La mia ossessione per i film sull'Olocausto e sui Campi di concentramento è di vecchia data, affonda nelle pagine di Storia e arriva fino alla fine dell'Università. Più di tutto, mi hanno sempre interessato le tecniche, i modi e le capacità di rappresentare un momento storico che, lo so, non sarà mai completo nella mente di un individuo senza l'esperienza fisica di aver calpestato quell'erba. Rappresentazioni di ogni ordine e grado: di tedeschi, di ebrei, di polacchi, di francesi, di italiani. Chiunque in qualunque modo e il cinema è quel modo che si è cimentata molto spesso per muovere le maglie della finzione affinché lo spettatore ne esca distrutto o incattivito o impazzito o commosso.
Una delle cose principali che non mi interessano quando guardo un film con questo tema è la trama: ovvio. La seconda cosa che non mi affascina è l'ambientazione, poiché i colori sono sempre gli stessi, l'immaginario è sempre molto simile a quello del film precedente e il crollo emotivo, ovvero il contrasto fra il dentro e il fuori o il prima e il dopo, è sempre evidente. La terza cosa a cui non faccio caso è la presenza di bambini, malati e cattivi.
In sostanza, i film sull'Olocausto sono quel terreno in cui gli estremi sono di troppo e fanno parte del normale; forse è sbagliato chiamarli estremi proprio perché sono normali.
I bambini, nei film sull'Olocausto, hanno sempre lo sguardo intelligente, silente, critico, forte e marmorizzato in una ingenuità che, un certo punto nel film, inizia a vivere su un binario parallelo che scorre accanto a loro. Gli autori, i registi mettono i bambini in un limbo e sulle loro bocche vive il passaggio principale tra il prima e il dopo e il dentro e fuori. Loro rappresentano l'ambiente e quindi il futuro e sono spesso quelli che come un testimone prendono in mano quello che verrà, diventando registratori moventi della Storia e degli adulti, impegnati, invece, a capire, a inorridire, a soffrire. I bambini vivono sempre un pezzo di vita per gli adulti, mentre sono in quel limbo e tentano di mettersi a loro pari, ma con strumenti totalmente diversi.
Il film Il bambino con il pigiama a righe l'ho visto da poco e non l'avevo visto al cinema, perché il tema Olocausto abbinato a due protagonisti bambini mi pareva usuale.

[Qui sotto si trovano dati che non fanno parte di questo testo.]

Lemma Aeul_sum m i j :
  Aeul m.+1 i j.+1 = \sum_(s : 'S_m.+1 | s ord0 == j :> nat) (des s == i).
Proof.
rewrite /Aeul cardsE -sum1_card big_mkcond [RHS]big_mkcond.
apply: eq_bigr => s _; rewrite unfold_in.
have -> : [exists t : 'I_m.+1, (val t == 0) && ((val (s t)).+1 == j.+1)]
    = (s ord0 == j :> nat).
  apply/existsP/idP => [[t /andP[/eqP t0]]|s0j]; last first.
    by exists ord0; rewrite eqSS.
  by rewrite (_ : t = ord0) //; apply: val_inj.
by case: (des s == i); case: (_ == _).
Qed.

Definition des_moment n k j :=
  \sum_(s : 'S_n.+1 | s ord0 == j :> nat) 'C(des s, k).

Lemma des_momentE n k j :
  des_moment n k j = \sum_(i < n.+1) 'C(i, k) * Aeul n.+1 i j.+1.
Proof.
under eq_bigr do rewrite Aeul_sum big_distrr /=.
rewrite exchange_big; apply: eq_bigr => s _.
transitivity (\sum_(i < n.+1 | i == des s :> nat) 'C(i, k)).
  by rewrite (big_ord1_eq _ (fun i => 'C(i, k))) ltnS des_leq.
rewrite big_mkcond; apply: eq_bigr => i _.
by rewrite eq_sym; case: eqP; rewrite ?muln1 ?muln0.
Qed.

Lemma sum_des_moment n k (P : pred nat) :
  \sum_(j < n.+1 | P j) des_moment n k j
    = \sum_(s : 'S_n.+1 | P (s ord0)) 'C(des s, k).
Proof.
rewrite (partition_big (fun s : 'S_n.+1 => s ord0)
  [pred j : 'I_n.+1 | P j]) //=.
apply: eq_bigr => j Pj; apply: eq_bigl => s.
by rewrite val_eqE; case: eqP => [->|]; rewrite ?Pj ?andbF.
Qed.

E infatti il film è normale. È orrido, cupo, freddo, critico, spaventoso; lo spazio è abitato dai due bambini e per questo si ridimensiona: è il loro punto di vista che comanda e quindi lo spazio o si allarga, se la testa è in movimento, o si restringe, se le urla, i toni, gli stivali dei militari dettano il tempo.
I due bambini protagonisti sono diversi, sono opposti: il bambino tedesco contro il bambino ebreo. La recinsione che li separa, lo spazio attraversato dalla parola attraverso un buco, lo scambiarsi i vestiti, alla fine, ma non la sorte.
La sorte, nel film Il bambino con il pigiama a righe, è la fine.
E la fine, si sa, è data, è storica ma è proprio la normalità della fine che fa la differenza: te la aspetti ma ti scompone; il cinema e la sua rappresentazione non ti aiutano, la finzione della possibilità della memoria non esiste, non ti soccorre.
Semplicemente, non c'è futuro in questo film, non c'è Storia che sarà avvalorata. Il consumo della tragedia umana che si tiene per mano ingenua e nascosta con addosso un pigiama a righe avviene, eccome se avviene: non c'è sogno che tenga.
L'ingenuità è massacrata e nessun bambino sarà salvato.